Aerial landscapes are landscapes as seen from the sky. The earliest depictions of aerial landscapes are maps, or somewhat map-like artworks, which show a landscape from an imagined bird's-eye viewpoint. For example, Australian Aborigines, beginning in very ancient times, created "country" landscapes—aerial landscapes depicting their country—showing ancestral paths to watering holes and sacred sites. Centuries before air travel, Europeans developed maps of whole continents and even of the globe itself, all from an imagined aerial perspective, aided with mathematical calculations derived from surveys and knowledge of astronomical relationships.

There were other pre-20th century Western artworks sometimes depicting a single town or precinct in a manner that comes closer to real aerial landscape, showing a town or city more or less as it might look from directly overhead. These map-like aerial townscapes often employed a kind of mixed perspective; while the overall view was quasi-aerial—showing the disposition of features arrayed as if seen from directly above—individual features of importance (such as churches or other major buildings) were pictured larger than scale, angled as they might look to someone standing on the ground. The map-like functional purpose of these pictures meant that such landmarks ought to be recognizable to a viewer, therefore, a realistic overhead view of the scene would defeat the purpose. The advent of balloon travel in the 19th century encouraged the development of more realistic aerial landscapes, as the first pioneering aviators begin to learn what landscapes and buildings really looked like when viewed from directly overhead.

==Modernist abstraction and the aerial landscape==
The artist Kazimir Malevich (1878–1935), who wrote extensively on the aesthetics and philosophy of modern art, identified the aerial landscape (especially the "bird's-eye view", looking straight down, as opposed to an oblique angle) as a genuinely new and radicalizing paradigm in the art of the twentieth century. In his view, air travel, and more specifically, aerial photography had created this broad change in consciousness. The Italian Futurists were similarly fascinated with aerial views of landscapes.

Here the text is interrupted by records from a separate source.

Lemma ECP p (g : {ffun 'I_m -> R}) :
  EC a p g <-> exists2 D, D \in powerset (fixpts p) & g = ec_point p D.
Proof.
split=> [[cube fixL gE] | [D _ ->]].
  exists [set j in fixpts p | g j == 1].
    by rewrite powersetE; apply/subsetP => j; rewrite inE => /andP[].
  apply/ffunP => j; rewrite ffunE; case: ifP => pj; last by apply: gE; rewrite inE pj.
  have : j \in Lset g by rewrite fixL inE pj.
  by rewrite !inE pj /=; case/orP => /eqP->; rewrite ?eqxx // eq_sym oner_eq0.
split=> [j | | j].
- rewrite ffunE; case: ifP => [_ | /negbT/a_open/andP[a0 a1]]; last by rewrite !ltW.
  by case: (j \in D); rewrite ?lexx ?ler01.
- apply/setP => j; rewrite !inE ffunE; case: ifP => [_ | /negbT/a_open/andP[a0 a1]].
    by case: (j \in D); rewrite eqxx ?orbT.
  by rewrite gt_eqF // lt_eqF.
- by rewrite inE ffunE => /negbTE->.
Qed.

Lemma ec_point_inj p : {in powerset (fixpts p) &, injective (ec_point p)}.
Proof.
move=> D1 D2; rewrite !powersetE => D1fix D2fix /ffunP eqD; apply/setP => j.
case: (boolP (j \in fixpts p)) => [| jfix]; last first.
  by rewrite (contraNF (subsetP D1fix j)) // (contraNF (subsetP D2fix j)).
rewrite inE => pj; have /eqP := eqD j; rewrite !ffunE pj eqr_nat.
by case: (j \in D1); case: (j \in D2).
Qed.

Lemma EC_perm_unique p1 p2 g : EC a p1 g -> EC a p2 g -> p1 = p2.
Proof.
move=> [_ fixL1 gE1] [_ fixL2 gE2]; apply/permP => j.
have fix12 : fixpts p1 = fixpts p2 by rewrite -fixL1 -fixL2.
case: (boolP (j \in fixpts p1)) => jfix1.
  have jfix2 : j \in fixpts p2 by rewrite -fix12.
  by rewrite !inE in jfix1 jfix2; rewrite (eqP jfix1) (eqP jfix2).
have jfix2 : j \notin fixpts p2 by rewrite -fix12.
apply/eqP; apply: contraT => p12.
have := a_col_inj (j := j) p12; rewrite !inE in jfix1 jfix2.
by rewrite jfix1 jfix2 -gE1 ?inE // -gE2 ?inE // eqxx => /(_ isT isT).
Qed.
Definition clique_number_le (X : Type) (H : (X -> bool) -> Prop) (m : nat) (r : R) : Prop :=
  forall n, has_clique H m n -> (n%:R <= r).

(* If H shatters mistake trees of every depth, the 2^m labelings along the
   branches of a depth-m tree are pairwise contradicting realizable datasets, so
   omega_m = 2^m; omega_m <= 2^m always, by Kraft's inequality. If H shatters no
   tree of depth d, cliques are bounded by induction on d: each edge of a clique
   is charged to an example (x, b) of one endpoint such that the restriction of
   H to x |-> ~b shatters no tree of depth d-1, and the datasets charged to one
   example form a clique realizable by that restriction; hence
   omega_m <= (2m+1)^d. As no polynomial dominates 2^m, the two cases exclude
   each other. *)

From HB Require Import structures.
From mathcomp Require Import all_boot all_order all_algebra.
From mathcomp Require Import Rstruct.
From Stdlib Require Import Rdefinitions.
From Stdlib Require Import Classical ClassicalEpsilon.
From mathcomp Require Import zify.
Set Implicit Arguments. Unset Strict Implicit. Unset Printing Implicit Defensive.
Import GRing.Theory Num.Theory.
(* Rdefinitions takes over [^] in nat_scope. *)
Local Notation "m ^ n" := (expn m n) : nat_scope.

(* X has no decidable equality: example points are compared classically. *)
Definition classicb (P : Prop) : bool :=
  if excluded_middle_informative P then true else false.

Lemma classicbP (P : Prop) : reflect P (classicb P).
Proof. by rewrite /classicb; case: excluded_middle_informative => h; constructor. Qed.
Lemma truncate_bounds w : In w (Kxy K x y) -> 0 <= truncate h w - (h w - h x) <= D - (h y - h x).
Proof.
  intros Hw. pose proof gap_nonneg. unfold truncate. split.
  - enough (h w - h x <= Rmin (h w - h x + (D - (h y - h x))) (d x w)) by lra.
    apply Rmin_glb; [lra|]. rewrite (dist_sym V d Hd x w).
    eapply Rle_trans; [apply Rle_abs | apply Hh; [exact Hw | exact x_in_Kxy]].
  - pose proof (Rmin_l (h w - h x + (D - (h y - h x))) (d x w)). lra.
Qed.

Lemma truncate_in_ric_set : ric_set (grad d y x (Lap mu K (truncate h))).
Proof.
  exists (truncate h). split; [|split; [|reflexivity]].
  - intros u v Hu Hv. unfold truncate. apply Rmin_dist; [|apply dist_lipschitz, Hd].
    replace (h u - h x + (D - (h y - h x)) - (h v - h x + (D - (h y - h x)))) with (h u - h v)
      by ring.
    apply Hh; assumption.
  - unfold grad. rewrite truncate_at_x. unfold truncate. fold D.
    replace (h y - h x + (D - (h y - h x))) with D by ring. rewrite Rmin_left by lra.
    pose proof D_pos. field. lra.
Qed.

Lemma Lap_gap_le :
  Lap mu K h y - Lap mu K h x <= - D * ric + (D - (h y - h x)) * spread.
Proof.
  set (g := truncate h). set (t := D - (h y - h x)).
  assert (Hg : Lap mu K g y - Lap mu K g x <= - D * ric).
  { pose proof (ric_le _ truncate_in_ric_set) as H. unfold grad in H.
    rewrite (dist_sym V d Hd y x) in H. fold D in H. pose proof D_pos.
    apply (Rmult_le_compat_l D) in H; [|lra]. fold g in H.
    replace (D * ((Lap mu K g x - Lap mu K g y) / D)) with (Lap mu K g x - Lap mu K g y) in H
      by (field; lra). lra. }
  enough (Hcomp : (Lap mu K h y - Lap mu K h x) - (Lap mu K g y - Lap mu K g x) <=
                  t * spread) by lra.
  unfold spread. rewrite !Lap_gap, <- sumL_minus, <- sumL_scal_l. apply sumL_le. intros w Hw.
  apply nodup_In in Hw. pose proof (truncate_bounds w Hw) as Hb. fold g t in Hb.
  replace ((h w - h x) * (rate y w - rate x w) - (g w - g x) * (rate y w - rate x w))
    with ((h w - h x - g w) * (rate y w - rate x w)) by (unfold g; rewrite truncate_at_x; ring).
  eapply Rle_trans; [apply Rle_abs|]. rewrite Rabs_mult.
  apply Rmult_le_compat_r; [apply Rabs_pos|]. apply Rabs_le. lra.
Qed.

End Truncation.

Lemma mu_prob z e : z = x \/ z = y -> 0 <= e <= 1 ->
  (forall w, In w (Kxy K x y) -> 0 <= mu z e w) /\ lsum (Kxy K x y) (mu z e) = 1.
Proof.
  intros Hz He. split; [intros w _; apply Hrw, He|].
  rewrite lsum_sumL. apply sum_mu_over; [exact S_nodup | apply incl_K_S, Hz | exact He].
Qed.

Lemma W1_upper e : 0 < e <= 1 -> e * spread <= 1 ->
  W1 d (Kxy K x y) (mu x e) (mu y e) <= D - e * D * ric + e * err e.
Proof.
  intros He HeC.
  destruct (mu_prob x e (or_introl eq_refl) ltac:(lra)) as [Hx0 Hx1].
  destruct (mu_prob y e (or_intror eq_refl) ltac:(lra)) as [Hy0 Hy1].
  apply (W1_le_of_dual_bound V d Hd _ _ _ Hx0 Hy0 Hx1 Hy1). intros h Hh.
  pose proof (dual_expansion e h He Hh) as Hexp. apply Rabs_le_between in Hexp.
  pose proof (Lap_gap_le h Hh) as Hgap. pose proof (gap_nonneg h Hh) as Ht.
  set (t := D - (h y - h x)) in *.
  assert (e * (t * spread) <= t) by (replace (e * (t * spread)) with (t * (e * spread)) by ring;
    rewrite <- (Rmult_1_r t) at 2; apply Rmult_le_compat_l; assumption).
  assert (e * (Lap mu K h y - Lap mu K h x) <= e * (- D * ric + t * spread))
    by (apply Rmult_le_compat_l; lra).
  replace (h y - h x) with (D - t) in Hexp by (unfold t; ring). nra.
Qed.

Lemma W1_lower e f : 0 < e <= 1 -> lipschitz_on d (Kxy K x y) f -> grad d x y f = 1 ->
  D - e * D * grad d y x (Lap mu K f) - e * err e <= W1 d (Kxy K x y) (mu x e) (mu y e).
Proof.
  intros He Hf Hf1.
  destruct (mu_prob x e (or_introl eq_refl) ltac:(lra)) as [Hx0 Hx1].
  destruct (mu_prob y e (or_intror eq_refl) ltac:(lra)) as [Hy0 Hy1].
  eapply Rle_trans; [|exact (dual_le_W1 V d Hd _ _ _ Hx0 Hy0 Hx1 Hy1 f Hf)].
  pose proof (dual_expansion e f He Hf) as Hexp. apply Rabs_le_between in Hexp.
  pose proof D_pos. unfold grad in *. rewrite (dist_sym V d Hd y x). fold D in Hf1 |- *.
  assert (Hfy : f y - f x = D) by (field_simplify_eq in Hf1; lra).
  replace (e * D * ((Lap mu K f x - Lap mu K f y) / D)) with (- (e * (Lap mu K f y - Lap mu K f x)))
    by (field; lra). lra.
Qed.

Lemma Ric_eps_sandwich : at_right 0 (fun e => forall c, ric_set c ->
  ric - err e / D <= Ric_eps d mu K e x y / e <= c + err e / D).
Proof.
  assert (Hspread : 0 <= spread) by (apply sumL_nonneg; intros; apply Rabs_pos).
  assert (Hpos : 0 < Rmin 1 (/ (spread + 1)))
    by (apply Rmin_glb_lt; [lra | apply Rinv_0_lt_compat; lra]).
  eapply filter_imp; [|exact (at_right_0_le _ Hpos)]. intros e [He0 He1].
  pose proof (Rmin_l 1 (/ (spread + 1))). pose proof (Rmin_r 1 (/ (spread + 1))).
  assert (HeC : e * spread <= 1).
  { apply Rle_trans with (e * (spread + 1)); [nra|].
    apply Rmult_le_reg_r with (/ (spread + 1)); [apply Rinv_0_lt_compat; lra|].
    rewrite Rmult_assoc, Rinv_r, Rmult_1_r, Rmult_1_l by lra. lra. }
  intros c [f [Hf [Hf1 ->]]].
  pose proof (W1_upper e ltac:(lra) HeC) as Hup. pose proof (W1_lower e f ltac:(lra) Hf Hf1) as Hlo.
  unfold Ric_eps. fold D. set (W := W1 d (Kxy K x y) (mu x e) (mu y e)) in *.
  pose proof D_pos. assert (HeD : 0 < e * D) by nra.
  replace ((1 - W / D) / e) with ((D - W) / (e * D)) by (field; lra).
  assert (HeD' : 0 <= / (e * D)) by (left; apply Rinv_0_lt_compat, HeD).
  split.
  - apply Rle_trans with ((e * D * ric - e * err e) / (e * D)); [right; field; lra|].
    apply Rmult_le_compat_r; [exact HeD' | lra].
  - apply Rle_trans with ((e * D * grad d y x (Lap mu K f) + e * err e) / (e * D));
      [|right; field; lra].
    apply Rmult_le_compat_r; [exact HeD' | lra].
Qed.

End Pair.
End RandomWalk.

Theorem mainTheorem12 (V : Type) (E : V -> V -> Prop) (d : V -> V -> R)
  (mu : V -> R -> V -> R) (K : V -> list V) :
  locally_finite_graph E -> is_metric d -> complete_metric d ->
  local_random_walk mu K -> time_analytic mu ->
  forall x y : V, x <> y ->
  exists ric : R,
    filterlim (fun eps => Ric_eps d mu K eps x y / eps) (at_right 0) (locally ric) /\
    is_glb_Rbar
      (fun c => exists f : V -> R,
         (forall u v, In u (Kxy K x y) -> In v (Kxy K x y) -> Rabs (f u - f v) <= d u v) /\
         grad d x y f = 1 /\
         c = grad d y x (Lap mu K f))
      ric.
Proof.
  intros _ Hd _ Hrw Hta x y Hxy.
  pose proof (ric_is_glb V mu K Hrw Hta d Hd x y Hxy) as Hglb.
  exists (ric V mu K d x y). split; [|exact Hglb].
  exact (filterlim_glb_sandwich _ _ _ _ Hglb (err_lim V mu K Hta d x y)
           (Ric_eps_sandwich V mu K Hrw Hta d Hd x y Hxy)).
Qed.
(* Let $\mathcal{M}$ be a graph matroid family with rank function $r$. (a) $\mathcal{M}$ is unbounded if and only if every forest is $\mathcal{M}$-independent. (b) If $\mathcal{M}$ is bounded, then the graph consisting of $r(\mathcal{M})+1$ pairwise vertex-disjoint edges is an $\mathcal{M}$-circuit.
   Context: All graphs are finite and simple and have no isolated vertices. A graph matroid family $\mathcal{M}$ assigns to every graph $G$ a matroid $\mathcal{M}(G)$ on $E(G)$ such that (i) every graph isomorphism $V(G)\to V(H)$ induces an isomorphism $\mathcal{M}(G)\to\mathcal{M}(H)$, and (ii) for every subgraph $H$ of $G$, $\mathcal{M}(H)$ is the restriction of $\mathcal{M}(G)$ to $E(H)$. $r(G)$ is the rank of $\mathcal{M}(G)$. $G$ is $\mathcal{M}$-independent if $r(G)=|E(G)|$; an $\mathcal{M}$-circuit is a graph $C$ with $r(C)<|E(C)|$ and $r(C-e)=|E(C)|-1$ for all edges $e$. $\mathcal{M}$ is unbounded if $r(K_n)$ is unbounded in $n$, and bounded otherwise; in the bounded case $r(\mathcal{M})=\lim_n r(K_n)$. *)

From HB Require Import structures.
From mathcomp Require Import all_boot all_order.
From mathcomp Require Import finmap.
Set Implicit Arguments. Unset Strict Implicit. Unset Printing Implicit Defensive.
Local Open Scope fset_scope.

(* A finite simple graph without isolated vertices, with vertices labelled by
   natural numbers, is determined by its edge set: a finite set of
   2-element subsets of nat. *)
Definition edge := {fset nat}.
Definition graph := {fset edge}.

Definition is_graph (G : graph) : Prop := forall e, e \in G -> #|` e| = 2.

Definition is_vertex (G : graph) (v : nat) : Prop := exists2 e, e \in G & v \in e.

Definition eimage (f : nat -> nat) (e : edge) : edge := [fset f x | x in e].
Definition gimage (f : nat -> nat) (G : graph) : graph :=
  [fset eimage f e | e in G].

Definition matroid_on (E : graph) (I : graph -> bool) : Prop :=
  [/\ I fset0,
      (forall A B, A `<=` E -> B `<=` A -> I A -> I B) &
      (forall A B, A `<=` E -> B `<=` E -> I A -> I B -> #|` A| < #|` B| ->
         exists2 e, e \in B `\` A & I (e |` A))].

Definition graph_matroid_family (indep : graph -> graph -> bool) : Prop :=
  [/\ (forall G, is_graph G -> matroid_on G (indep G)),
      (forall G H (f : nat -> nat), is_graph G -> is_graph H ->
         (forall u v, is_vertex G u -> is_vertex G v -> f u = f v -> u = v) ->
         gimage f G = H ->
         forall F, F `<=` G -> indep G F = indep H (gimage f F)) &
      (forall G H, is_graph G -> is_graph H -> H `<=` G ->
         forall F, F `<=` H -> indep H F = indep G F)].

Definition rank (indep : graph -> graph -> bool) (G : graph) : nat :=
  \max_(F <- fpowerset G | indep G F) #|` F|.

Definition Kn (n : nat) : graph :=
  [fset ([fset i; j] : edge) | i in [fset x | x in iota 0 n],
     j in [fset x | x in iota 0 n] & i != j].

Definition matching (k : nat) : graph :=
  [fset ([fset i.*2; i.*2.+1] : edge) | i in [fset x | x in iota 0 k]].

Definition unbounded (indep : graph -> graph -> bool) : Prop :=
  forall k, exists n, k <= rank indep (Kn n).

Definition bounded indep : Prop := ~ unbounded indep.

Definition rank_limit indep (rM : nat) : Prop :=
  exists N, forall n, N <= n -> rank indep (Kn n) = rM.

Definition has_cycle (G : graph) : Prop :=
  exists s : seq nat, [/\ 3 <= size s, uniq s & cycle (fun u v => [fset u; v] \in G) s].

Definition forest (G : graph) : Prop := ~ has_cycle G.

Definition M_independent indep (G : graph) : Prop := rank indep G = #|` G|.

Definition M_circuit indep (C : graph) : Prop :=
  rank indep C < #|` C| /\
  forall e, e \in C -> rank indep (C `\ e) = #|` C| - 1.

From mathcomp Require Import all_boot all_order finmap.
From mathcomp Require Import boolp zify.
Set Implicit Arguments. Unset Strict Implicit. Unset Printing Implicit Defensive.
Local Open Scope fset_scope.
Local Open Scope nat_scope.

(* Everything rests on isomorphism invariance: an edge obtained by
   augmenting an independent F0 from a larger independent set can be renamed,
   by a relabelling fixing F0, into any edge we like with a new endpoint.
   (a) If some star with k edges were dependent (k minimal), all of them would
   be, and a basis T of K_k would span every edge of every K_n: the edge uy is
   spanned by a star of k-1 edges at u, which T already spans.  So r(K_n) <=
   |T|.  Hence in an unbounded family stars are independent, and a forest is
   built leaf by leaf, renaming the edge gained from a large star with fresh
   leaves into the pendant edge.  Conversely the matching with k edges is a
   forest inside K_(2k).
   (b) Matchings with at most r(M) edges are independent by the same renaming,
   now augmenting from a disjoint copy of a basis of a large K_N, while the
   matching with r(M)+1 edges lies in some K_n of rank r(M). *)

Lemma ex_maxn_prop (P : nat -> Prop) a B : P a -> (forall n, P n -> n <= B) ->
  exists2 m, P m & forall n, P n -> n <= m.
Proof.
move=> Pa hB.
have exP : exists n, `[< P n >] by exists a; apply/asboolP.
have ubP n : `[< P n >] -> n <= B by move/asboolP/hB.
by case: (ex_maxnP exP ubP) => m /asboolP Pm mmax; exists m => // n /asboolP/mmax.
Qed.

Lemma fset2C (a b : nat) : [fset a; b] = [fset b; a].
Proof. exact: fsetUC. Qed.

Lemma card2_fset2 (e : edge) : #|` e| = 2 -> exists a b, a != b /\ e = [fset a; b].
Proof.
move=> e2; have /fset0Pn [a ae] : e != fset0 by rewrite -cardfs_eq0 e2.
have /cardfs1P [b eDa] : #|` e `\ a| == 1 by move: e2; rewrite (cardfsD1 a) ae add1n => -[->].
exists a, b; split; last by rewrite -(fsetD1K ae) eDa.
by apply/eqP => ab; have := fset11 b; rewrite -eDa -ab in_fsetD1 eqxx.
Qed.

Lemma card2_fset2_at (e : edge) x : #|` e| = 2 -> x \in e ->
  exists2 w, x != w & e = [fset x; w].
Proof.
move=> /card2_fset2 [a [b [ab ->]]] /fset2P [->|->]; first by exists b.
by exists a; rewrite 1?eq_sym // fset2C.
Qed.

Lemma is_graphS G H : H `<=` G -> is_graph G -> is_graph H.
Proof. by move=> /fsubsetP sHG hG e /sHG /hG. Qed.

Lemma is_graphU G H : is_graph G -> is_graph H -> is_graph (G `|` H).
Proof. by move=> hG hH e /fsetUP [/hG|/hH]. Qed.

Lemma is_graphU1 (e : edge) G : #|` e| = 2 -> is_graph G -> is_graph (e |` G).
Proof. by move=> he hG x /fset1UP [->|/hG]. Qed.

Lemma is_graph0 : is_graph fset0.
Proof. by move=> e; rewrite in_fset0. Qed.

Definition vbound (G : graph) : nat := \max_(e <- G) \max_(x <- e) x.

Lemma leq_vbound G x : is_vertex G x -> x <= vbound G.
Proof.
case=> e he hx; apply: leq_trans (_ : \max_(y <- e) y <= _).
  exact: (leq_bigmax_seq (F := id) x hx isT).
exact: (leq_bigmax_seq (F := fun e : edge => \max_(y <- e) y) e he isT).
Qed.

Lemma eimage_fset2 f a b : eimage f [fset a; b] = [fset f a; f b].
Proof. exact: imfset_fset2. Qed.

Lemma gimageU1 f (e : edge) G : gimage f (e |` G) = eimage f e |` gimage f G.
Proof. exact: imfsetU1. Qed.

Lemma gimage_id_in f G : (forall x, is_vertex G x -> f x = x) -> gimage f G = G.
Proof.
move=> fG; have fe e : e \in G -> eimage f e = e.
  move=> eG; apply/fsetP => x; apply/imfsetP/idP => [[y ye ->]|xe].
    by rewrite fG //; exists e.
  by exists x; rewrite // fG //; exists e.
apply/fsetP => e; apply/imfsetP/idP => [[e' e'G ->]|eG]; first by rewrite fe.
by exists e; rewrite ?fe.
Qed.

Lemma is_graph_gimage f G : is_graph G ->
  (forall u v, is_vertex G u -> is_vertex G v -> f u = f v -> u = v) ->
  is_graph (gimage f G).
Proof.
move=> hG finj _ /imfsetP [e eG ->].
have [a [b [ab Eab]]] := card2_fset2 (hG _ eG); subst e.
rewrite eimage_fset2 cardfs2; case: eqP => // fab.
have va : is_vertex G a by exists [fset a; b]; rewrite ?fset21.
have vb : is_vertex G b by exists [fset a; b]; rewrite ?fset22.
by rewrite (finj a b va vb fab) eqxx in ab.
Qed.

Lemma card_gimage f G : injective f -> #|` gimage f G| = #|` G|.
Proof.
move=> finj; rewrite card_imfset //= => e1 e2 e12; apply/fsetP => x.
by rewrite -(mem_imfset imfset_key (mem e1) finj) -(mem_imfset imfset_key (mem e2) finj)
  -/(eimage f e1) e12.
Qed.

Unlike traditional landscapes, aerial landscapes often do not include any view of a horizon or sky, nor in such cases is there any recession of the view into an infinite distance. Additionally, there is a natural kinship between aerial landscape painting and abstract painting, not only because familiar objects are sometimes difficult to recognize when viewed aerially, but because there is no natural "up" or "down" orientation in the painting. Often it seems that, as in a work of abstract expressionism, the painting might just as well be hung upside down or sideways. Furthermore, as in a Jackson Pollock or a Mark Tobey painting, such images often have an "all over" distribution of interest that defies any attempt to decide on a "correct" orientation or focal

In addition to Malevich, many other modern and contemporary artists have produced work inspired by aerial views of landscapes, including Georgia O'Keeffe, Susan Crile, Jane Frank, Richard Diebenkorn, Yvonne Jacquette, and Nancy Graves.

==Special case: the aerial cloudscape==

The aerial cloudscapes painted by Georgia O'Keeffe in the 1960s and 1970s are a special case. Many of them are not landscapes at all, since they don't show any land. They depict images of clouds viewed from above, suspended in blue sky, with the land below nowhere to be seen; it is the view of clouds regarded at a downward and sideways angle, as from the window of an airplane. These paintings depict a kind of "pseudo-horizon", formed not where land meets sky but where the suspended layer of clouds—a "pseudo-ground"—meets the empty upper sky. O'Keeffe's monumental aerial cloudscape, Sky Above Clouds IV (1965), is housed at the Art Institute of Chicago.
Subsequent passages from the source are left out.